Somehow, though, in the last few minutes she had discovered that Rafe was far more complex and intriguing than she’d originally guessed. That made the prospect of bumping into him everywhere she turned a lot less daunting. She figured that was a very bad sign, given that the man wanted to lock her away.
* * *
Rafe assumed Gina wouldn’t be going anywhere for a while. He had a feeling these friendly gabfests went on and on once the five women got together. Just in case he was wrong, he walked down the block, leaned against the bumper of his rental car and placed a call on his cell phone to the paralegal who was doing follow-up on the case back in New York.
“Have you been able to get into the bank records of Café Tuscany or Rinaldi or Petrillo yet?” he asked Joan Lansing.
“The judge is looking over the paperwork now,” Joan told him. “We should know something before the end of the day.”
“I need those records. We need to see if any withdrawals and deposits match up.”
“I know, boss. I think we made a good case to the judge, though, if you ask me, that money is in some off-shore account by now, not in a personal checking account at the corner bank.”
Rafe sighed. “You’re probably right, but we need to know for certain.”
“Anything else I can do on this end?”
“Stay on that investigator. He should have found something on Rinaldi’s whereabouts by now.”
“Will do. No clues from Ms. Petrillo?”
“None. I’m actually beginning to believe she might not know anything, not about the con and not about Rinaldi’s disappearance.”
“How is that possible? They were partners.”
“We already know the man was a smooth operator. She could have been taken in by him, too.”
“Uh-oh, boss. I think I hear that knight on a white horse charging to the rescue.”
“Could be,” he conceded. “But please don’t tell Lydia. She’ll never let me hear the end of it.”
He glanced up just in time to see Gina and the other women emerging from Stella’s. They piled into Lauren’s fancy sports utility vehicle. Rafe got behind the wheel of his own rental car and started after them. His pulse began to pound when he realized they were heading straight for the small airstrip on the outskirts of town.
Sure enough, Lauren turned in, drove to a hangar operated by a charter company and parked. Blood boiling, Rafe stalked across the tarmac to intercept them.
“Going somewhere?” he asked Gina.
“You followed us?” she countered, her expression indignant.
“Of course I did. It’s a good thing, too. Are you planning on skipping town?”
“Oh, for heaven’s sakes,” Emma snapped. “There is nothing to prevent her from going anywhere, Mr. O’Donnell. Back off.”
“I can’t do that.”
“Then you’ll have to charter your own plane, because you’re not getting on board with us,” Lauren snapped.
Rafe ignored them both and kept his gaze on Gina. “Why the sudden decision to run?”
“I’m not running anywhere.”
“Then why didn’t you mention this trip when we were talking?”

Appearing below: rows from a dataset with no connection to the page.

Lemma commg_center_maxM : {in 'Z(M) &, {morph (fun h => [~ g, h]) : x y / x * y}}.
Proof.
move=> x y ZMx ZMy /=; have ZGgx := commg_center_max ZMx; rewrite commgMJ.
have /commgP/conjg_fixP-> := commute_sym (centerC (ZM_G ZMy) ZGgx).
by apply: centerC ZGgx; apply/(subsetP (center_sub G))/commg_center_max.
Qed.

Lemma expg_center_maxM : {in 'Z(M) &, {morph (fun h => h ^+ p) : x y / x * y}}.
Proof.
by move=> x y ZMx ZMy /=; apply/expgMn/(centerC _ ZMy)/(subsetP (center_sub M)).
Qed.

(* By hypothesis h |-> [~ g, h] maps Z(M) onto the kernel of the p-power map of
   Z(M), and its own kernel is Z(G); so the image of the p-power map, which lies
   in Z(G), has order |Z(G)|. *)
Lemma expg_center_max_onto :
  (forall u, u \in 'Z(M) -> u ^+ p = 1 -> exists2 h, h \in 'Z(M) & [~ g, h] = u) ->
  forall z, z \in 'Z(G) -> exists2 b, b \in 'Z(M) & b ^+ p = z.
Proof.
move=> commg_onto; have sZGZM := center_sub_center sMG sZM.
pose f := Morphism commg_center_maxM; pose q := Morphism expg_center_maxM.
have ker_f : 'ker f = 'Z(G).
  apply/setP => x; apply/idP/idP => [Kx | ZGx].
    have ZMx := subsetP (normal_sub (ker_normal f)) x Kx.
    apply: (center_max_commute ZMx); apply: commute_sym; apply/commgP/eqP.
    exact: (kerP f ZMx) Kx.
  apply/(kerP f (subsetP sZGZM x ZGx))/eqP/commgP.
  exact: (centerC Gg ZGx).
have im_f : f @* 'Z(M) = 'ker q.
  apply/setP => y; apply/idP/idP.
    case/morphimP=> x _ ZMx -> /=; have ZGgx := commg_center_max ZMx.
    apply/(kerP q (subsetP sZGZM _ ZGgx)) => /=.
    rewrite -commgX; last exact: (centerC (ZM_G ZMx) ZGgx).
    by apply/eqP/commgP; apply: (centerC Gg (expg_center_max ZMx)).
  move=> Ky; have ZMy := subsetP (normal_sub (ker_normal q)) y Ky.
  have [h ZMh <-] := commg_onto y ZMy ((kerP q ZMy) Ky).
  by apply/morphimP; exists h.
have im_q : q @* 'Z(M) = 'Z(G).
  apply/eqP; rewrite eqEcard (card_morphim_im_ker im_f) ker_f leqnn andbT.
  by apply/subsetP => _ /morphimP[x _ ZMx ->]; apply: expg_center_max.
by move=> z; rewrite -im_q => /morphimP[b _ ZMb ->]; exists b.
Qed.

Lemma noninner_or_expg_center_max_onto : noninner_aut_of_order G p \/
  forall z, z \in 'Z(G) -> exists2 b, b \in 'Z(M) & b ^+ p = z.
Proof.
have [/exists_inP[u ZMu /andP[/eqP up1 /forall_inP nocommg]] | allcommg] :=
  boolP [exists u in 'Z(M), (u ^+ p == 1) && [forall h in 'Z(M), [~ g, h] != u]].
  left; apply: noninner_of_center_max ZMu up1 _ => h.
  by move/(subsetP (cent_maximal_sub_center maxM sZM)); apply: nocommg.
right; apply: expg_center_max_onto => u ZMu up1.
move/exists_inPn/(_ u ZMu): allcommg; rewrite up1 eqxx /= negb_forall_in.
by case/exists_inP=> h ZMh /negbNE/eqP; exists h.
Qed.

End MaximalPair.

Lemma noninner_of_center_notin_Phi :
  ~~ abelian G -> ~~ ('Z(G) \subset 'Phi(G)) -> noninner_aut_of_order G p.
Proof.
move=> nabG /subsetPn[z ZGz notPz]; have Gz := subsetP (center_sub G) z ZGz.
have Cz : z \in 'C_G('Phi(G)).
  by rewrite inE Gz (subsetP (centS (Phi_sub G))) //; case/setIP: ZGz.
have [M maxM notMz] := notin_Phi_maximal Gz notPz.
have sMG := proper_sub (maxgroupp maxM).
have ntM : M :!=: 1.
  apply: contraNneq nabG => M1; apply/cyclic_abelian/prime_cyclic.
  by rewrite -(Lagrange sMG) (p_maximal_index pG maxM) M1 cards1 mul1n.
have [u ZMu ou] := center_order_prime sMG ntM.
apply: (noninner_of_center_max maxM Cz notMz ZMu); first by rewrite -ou expg_order.
move=> h /setIP[Gh _]; have /commgP/eqP-> := commute_sym (centerC Gh ZGz).
by rewrite eq_sym -order_gt1 ou prime_gt1.
Qed.

Section TwoMaximals.

Variables (M M' : {group gT}) (a b : gT).
Hypotheses (maxM : maximal M G) (maxM' : maximal M' G) (ZPhi : 'Z(G) \subset 'Phi(G)).
Hypotheses (ZMa : a \in 'Z(M)) (notM'a : a \notin M') (ZM'b : b \in 'Z(M')).
Hypothesis pow_ba : b ^+ p = a ^+ p.

Let Ma : a \in M := subsetP (center_sub M) a ZMa.
Let M'b : b \in M' := subsetP (center_sub M') b ZM'b.
Let Gb : b \in G := subsetP (proper_sub (maxgroupp maxM')) b M'b.
Let Ca : a \in 'C_G('Phi(G)) := subsetP (center_maximal_sub_cent_Phi maxM) a ZMa.
Let Ga : a \in G := subsetP (subsetIl _ _) a Ca.

Lemma expg_mulgV_eq1 : (a * b^-1) ^+ p = 1.
Proof.
have ZGc : [~ b^-1, a] \in 'Z(G).
  by rewrite -invg_comm groupV (commg_center_max maxM' Ca notM'a) ?groupV.
rewrite (expMg_Rmul_odd odd_p (centerC Ga ZGc) (centerC (groupVr Gb) ZGc)).
rewrite expgVn pow_ba mulgV mul1g.
have /commgP/eqP-> := commute_sym (commuteV (commuteX p (commute_refl a))).
exact: expg1n.
Qed.

Lemma center_cent1_mulgV : a * b^-1 \in 'Z('C_G[a * b^-1]).
Proof. by apply/center_subcent1/groupM/groupVr. Qed.

Lemma mulgV_notin_max' : a * b^-1 \notin M'.
Proof. by rewrite groupMr ?groupV. Qed.

Lemma mulgV_notin_Phi : a * b^-1 \notin 'Phi(G).
Proof. exact: contra (subsetP (Phi_sub_max maxM') _) mulgV_notin_max'. Qed.

Lemma meet_sub_cent1_mulgV : M :&: M' \subset 'C_G[a * b^-1].
Proof.
apply/subsetP => y /setIP[My M'y]; apply/subcent1P.
split; first exact: subsetP (proper_sub (maxgroupp maxM)) y My.
apply/commute_sym/commuteM; first exact: (centerC My ZMa).
exact/commuteV/(centerC M'y ZM'b).
Qed.

Lemma maximal_cent1_mulgV : maximal 'C_G[a * b^-1] G.
Proof.
apply: (p_maximal_over_meet maxM maxM' _ meet_sub_cent1_mulgV).
- by apply/subsetPn; exists a.
- rewrite properE subsetIl /=; apply: contra mulgV_notin_Phi => sGC.
  apply/(subsetP ZPhi)/centerP; split; first by rewrite groupM ?groupV.
  by move=> y /(subsetP sGC)/subcent1P[].
- apply/subsetPn; exists (a * b^-1); last exact: mulgV_notin_max'.
  by rewrite subcent1_id ?groupM ?groupV.
Qed.

Lemma max_sub_cent1_mulgV : a \in 'C_G[a * b^-1] -> M \subset 'C_G[a * b^-1].
Proof.
move=> Ca_ab; have sMG := proper_sub (maxgroupp maxM).
have nsM'G := p_maximal_normal pG maxM'.
have notsMCM' : ~~ (M :&: 'C_G[a * b^-1] \subset M').
  by apply/subsetPn; exists a; rewrite // inE Ma.
have := group_modr M' (subsetIl M 'C_G[a * b^-1]).
rewrite (mulg_normal_maximal nsM'G maxM' _ notsMCM') ?(subset_trans (subsetIl _ _)) //.
rewrite (setIidPl sMG) => <-.
by rewrite mul_subG ?subsetIr ?meet_sub_cent1_mulgV.
Qed.

End TwoMaximals.

Lemma noninner_of_center_max_not_sub_Phi (M : {group gT}) g :
  maximal M G -> g \in 'C_G('Phi(G)) -> g \notin M ->
  'Z(G) \subset 'Phi(G) -> ~~ ('Z(M) \subset 'Phi(G)) -> noninner_aut_of_order G p.
Proof.
move=> maxM Cg notMg ZPhi /subsetPn[a ZMa notPa].
have Ca := subsetP (center_maximal_sub_cent_Phi maxM) a ZMa.
have [M' maxM' notM'a] := notin_Phi_maximal (subsetP (subsetIl _ _) a Ca) notPa.
have [// | pth_roots] := noninner_or_expg_center_max_onto maxM' Ca notM'a ZPhi.
have [b ZM'b pow_ba] := pth_roots _ (expg_center_max maxM Cg notMg ZMa).
pose C := 'C_G[a * b^-1]%G.
have maxC : maximal C G := maximal_cent1_mulgV maxM maxM' ZPhi ZMa notM'a ZM'b.
have ZCab : a * b^-1 \in 'Z(C) := center_cent1_mulgV maxM maxM' ZMa ZM'b.
have abp := expg_mulgV_eq1 maxM maxM' ZMa notM'a ZM'b pow_ba.
have notPab := mulgV_notin_Phi maxM' notM'a ZM'b.
have [Ca_ab | notCa] := boolP (a \in C); last first.
  exact: (noninner_of_center_max_notin_Phi maxC Ca notCa ZCab abp notPab).
have [Cg_ab | notCg] := boolP (g \in C); last first.
  exact: (noninner_of_center_max_notin_Phi maxC Cg notCg ZCab abp notPab).
have sMC := max_sub_cent1_mulgV maxM maxM' ZMa notM'a ZM'b Ca_ab.
have /properP[_ [x Gx notCx]] := maxgroupp maxC.
by rewrite (maximal_sub_eq maxM (subsetIl _ _) sMC Cg_ab notMg) Gx in notCx.
Qed.

End OddPGroup.

Theorem lemma2p4 (gT : finGroupType) (G : {group gT}) (p : nat) :
  prime p -> odd p -> p.-group G -> ~~ abelian G ->
  ~~ ('C_G('Phi(G)) \subset 'Phi(G)) ->
  exists2 a : {perm gT}, a \in Aut G & #[a] = p /\ ~ inner_aut G a.
Proof.
move=> pr_p odd_p pG nabG /subsetPn[g Cg notPg].
have [ZPhi | notZPhi] := boolP ('Z(G) \subset 'Phi(G)); last first.
  exact: (noninner_of_center_notin_Phi pr_p odd_p pG nabG notZPhi).
have [M maxM notMg] := notin_Phi_maximal (subsetP (subsetIl _ _) g Cg) notPg.
have [ZMPhi | notZMPhi] := boolP ('Z(M) \subset 'Phi(G)); last first.
  exact: (noninner_of_center_max_not_sub_Phi pr_p odd_p pG maxM Cg notMg ZPhi notZMPhi).
apply: (noninner_of_center_max_sub_Phi pr_p odd_p pG maxM Cg notMg ZPhi _ ZMPhi).
by apply: contraNneq nabG => ->; apply: abelian1.
Qed.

“It didn’t come up. Besides, Lauren was still working out the details. I didn’t know if we were going.”
“Going where?” he asked.
She frowned at him, but she answered with barely concealed impatience. “I am going to Denver with my friends because Cassie’s mother is having surgery. We want to be there to support her. It’s not a big deal. We’ll be back in a day or so, as soon as we know that everything’s okay.”
Rafe caught the unmistakable worry in her eyes, the hint of urgency in her voice. Because of his career, because of his mother’s short-term attention span with men, he was a cynical man. There weren’t a lot of people he trusted. Something told him he could trust Gina, at least about this.